Since we are assuming null hypothesis to be true, we can use that to construct the sampling distribution based on the central limit theorem.

★ Calculate the z-score (so called ‘test statistic’): z = (3.2-3) / 0.246 = 0.81
★ Find P-value with the z-score = P(z > 0.81) = 0.209

Even though we observed a sample mean slightly above 3, there is not enough evidence to reject the null hypothesis that sets the population average of number of exclusive relationships college students have been in to 3. If in fact college students have been in 3 exclusive relationships on average, there is a 21% chance that a random sample of 50 college students would yield a sample mean of 3.2 or higher. This is a pretty high probability, so we think that a sample mean of 3.2 or more exclusive relationships is likely to happen simply by chance. In other words, the difference between the null value of 3 relationships and the observed sample mean of 3.2 relationships is due to chance or sampling variability.

Two-sided hypothesis tests

Often, instead of looking for a divergence from the null hypothesis in a specific direction, so either a greater than or less than sign, we might be interested in divergence in any direction.

The p-value calculation becomes slightly different and ever so slightly more complicated since we need to consider at least as extreme as the observed outcome in both directions away from the mean.
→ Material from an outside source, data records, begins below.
Section BinomialThresholds.
Variables (R : realFieldType) (r : nat) (p : R) (T : finType).

Lemma sum_bweight_ge (A : {set T}) :
  \sum_(K : {set T} | K \subset A) bweight p A K * (r <= #|K|)%:R = pihat r p #|A|.
Proof.
rewrite (sum_bweight_card p A (fun k => (r <= k)%:R)) /pihat big_geq_mkord big_mkcondr /=.
by apply: eq_bigr => k _; case: (r <= k)%N; rewrite ?mulr1 ?mulr0.
Qed.

(* The increment of (1{B >= r} - pi) / (1 - pi) on the event B1 < r, when the count B grows
   from B1 to B2 and the tail probability pi from x to y. *)
Definition threshold_increment (x y : R) (B1 B2 : nat) : R :=
  (B1 < r)%N%:R * (((r <= B2)%N%:R - y) / (1 - y) + x / (1 - x)).

Hypotheses (r_gt0 : (0 < r)%N) (p_ge0 : 0 <= p) (p_lt1 : p < 1).

Lemma pihat_lt1 (s : nat) : pihat r p s < 1.
Proof.
rewrite -subr_gt0 -{1}(binomial_sum1 p s) (bigID (fun k : 'I_s.+1 => r <= k)%N) /=.
rewrite /pihat big_geq_mkord addrC addrK (bigD1 ord0) /=; last by rewrite -ltnNge.
rewrite bin0 mul1r expr0 mul1r subn0 ltr_pwDl ?exprn_gt0 ?subr_gt0 //.
apply: sumr_ge0 => k _.
by rewrite !mulr_ge0 ?exprn_ge0 ?subr_ge0 ?ler0n // ltW.
Qed.

Lemma sum_bweight_threshold_increment (D D1 D2 : {set T}) :
  D1 \subset D2 -> D2 \subset D ->
  \sum_(K : {set T} | K \subset D) bweight p D K *
    threshold_increment (pihat r p #|D1|) (pihat r p #|D2|) #|K :&: D1| #|K :&: D2| = 0.
Proof.
move=> sD12 sD2D; set x := pihat r p #|D1|; set y := pihat r p #|D2|.
have mean_ge (D' : {set T}) : D' \subset D ->
    \sum_(K : {set T} | K \subset D) bweight p D K * (r <= #|K :&: D'|)%N%:R = pihat r p #|D'|.
  by move=> sD'D; rewrite (sum_bweight_marginal p (fun K => (r <= #|K|)%N%:R) sD'D) sum_bweight_ge.
have x_neq1 : 1 - x != 0 by rewrite subr_eq0 gt_eqF ?pihat_lt1.
have y_neq1 : 1 - y != 0 by rewrite subr_eq0 gt_eqF ?pihat_lt1.
set c := x / (1 - x) - y / (1 - y).
(* As #|K :&: D1| <= #|K :&: D2|, the summand is affine in the two threshold indicators. *)
transitivity (\sum_(K : {set T} | K \subset D)
   ((1 - y)^-1 * (bweight p D K * (r <= #|K :&: D2|)%N%:R)
    - ((1 - y)^-1 + c) * (bweight p D K * (r <= #|K :&: D1|)%N%:R) + c * bweight p D K)).
  apply: eq_bigr => K _.
  have le12 : (#|K :&: D1| <= #|K :&: D2|)%N by apply/subset_leq_card/setIS.
  rewrite /threshold_increment /c; case: (leqP r #|K :&: D1|) => [ge1|_] /=.
    by rewrite (leq_trans ge1 le12) /=; ring.
  by ring.
rewrite big_split sumrB /= -!mulr_sumr !mean_ge ?(subset_trans sD12) // sum_bweight /c -/x -/y.
by field; rewrite x_neq1 y_neq1.
Qed.

End BinomialThresholds.

Lemma sum_Gnp_fiber (R : realFieldType) (p : R) (n : nat) (D h : {set edge_slot n})
    (F : {set edge_slot n} -> R) : h \subset ~: D ->
  \sum_(G : graph n | G :\: D == h) Gnp p G * F (G :&: D)
  = bweight p (~: D) h * \sum_(K : {set edge_slot n} | K \subset D) bweight p D K * F K.
Proof.
move=> shD; have dD : [disjoint D & ~: D] by rewrite -setI_eq0 setICr.
rewrite -(sum_bweight_fiber p F dD shD) setUCr; apply: eq_big => [G|G _].
  by rewrite subsetT setDE.
by congr (_ * _); apply: eq_bigl => e; rewrite inE.
Qed.

Section VertexStar.
Variables (n : nat) (v : 'I_n).

Definition star : {set edge_slot n} := [set e | ((val e).1 == v) || ((val e).2 == v)].

Definition other_end (e : edge_slot n) : 'I_n :=
  if (val e).1 == v then (val e).2 else (val e).1.

Definition star_to (S : {set 'I_n}) : {set edge_slot n} := [set e in star | other_end e \in S].

Definition isolate (G : graph n) : graph n := G :\: star.

Lemma star_to_subset (S : {set 'I_n}) : star_to S \subset star.
Proof. by apply/subsetP => e; rewrite inE => /andP[]. Qed.

Lemma star_toS (S S' : {set 'I_n}) : S \subset S' -> star_to S \subset star_to S'.
Proof.
move=> sSS'; apply/subsetP => e; rewrite !inE => /andP[-> /(subsetP sSS') //].
Qed.

Lemma other_end_inj : {in star &, injective other_end}.
Proof.
move=> [[x1 y1] l1] [[x2 y2] l2]; rewrite !inE /other_end /= => s1 s2 E; apply: val_inj => /=.
case: (eqVneq x1 v) s1 E l1 => [-> _|_ /= /eqP ->];
  case: (eqVneq x2 v) s2 l2 => [-> _|_ /= /eqP ->] //=.
- by move=> _ -> _.
- by move=> l2 E l1; move: l1 l2; rewrite E; lia.
- by move=> l2 E l1; move: l1 l2; rewrite E; lia.
- by move=> _ -> _.
Qed.

Lemma adj_star (G : graph n) (u : 'I_n) :
  adj G u v = [exists e in G :&: star, other_end e == u].
Proof.
apply: eq_existsb => e; rewrite !inE /other_end -andbA; apply: andb_id2l => _.
case: (val e) (valP e) => x y /= xy; rewrite !xpair_eqE.
case: (eqVneq x v) xy => [-> vy|xv _] /=; last by rewrite orbF andbC.
by rewrite -[y == v]val_eqE gtn_eqF // andbF.
Qed.

Lemma nbr_count_star (G : graph n) (S : {set 'I_n}) :
  nbr_count G S v = #|(G :&: star) :&: star_to S|.
Proof.
rewrite /nbr_count -(card_in_imset (f := other_end)); last first.
  by move=> e1 e2 /setIP[/setIP[_ s1] _] /setIP[/setIP[_ s2] _]; apply: other_end_inj.
apply: eq_card => u; rewrite inE adj_star; apply/andP/imsetP.
  case=> uS /existsP[e /andP[eGs /eqP eu]]; exists e => //.
  by case/setIP: (eGs) => _ es; rewrite inE eGs inE es eu.
case=> e /setIP[eGs]; rewrite inE => /andP[_ eS] ->; split=> //.
by apply/existsP; exists e; rewrite eGs eqxx.
Qed.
If you're looking for the cutoff values for these two-sided hypothesis tests, all you need to do is to travel the same distance away from the mean.

Hypothesis testing for a single mean:

1. Set the hypothesis
2. Calculate the point estimate using a sample
3. Check conditions (same as CI condition)
4. Draw sampling distribution, calculate test statistic (z score), shade p-value
5. Make a decision based on [p-value vs alpha(significance level)] and interpret it in context of the research question:

• See 2_3_HT_examples.pdf

Inference for other estimators

Nearly normal sampling distributions

1. Sample means
2. Difference between sample means (difference between two groups/populations)
3. Sample proportion
4. Difference between sample proportions (difference between two groups/populations)

Unbiased estimator

An important assumption about point estimates is that they are unbiased, i.e. the sampling distribution of the estimate is centered at the true population parameter it estimates. That is, an unbiased estimate does not naturally over or underestimate the parameter, it provides a ‘good’ estimate. The sample mean is an example of an unbiased point estimate, as well as others we just listed above.

• The way to do inference with both confidence intervals and hypothesis testing is the same for all nearly normal point estimates.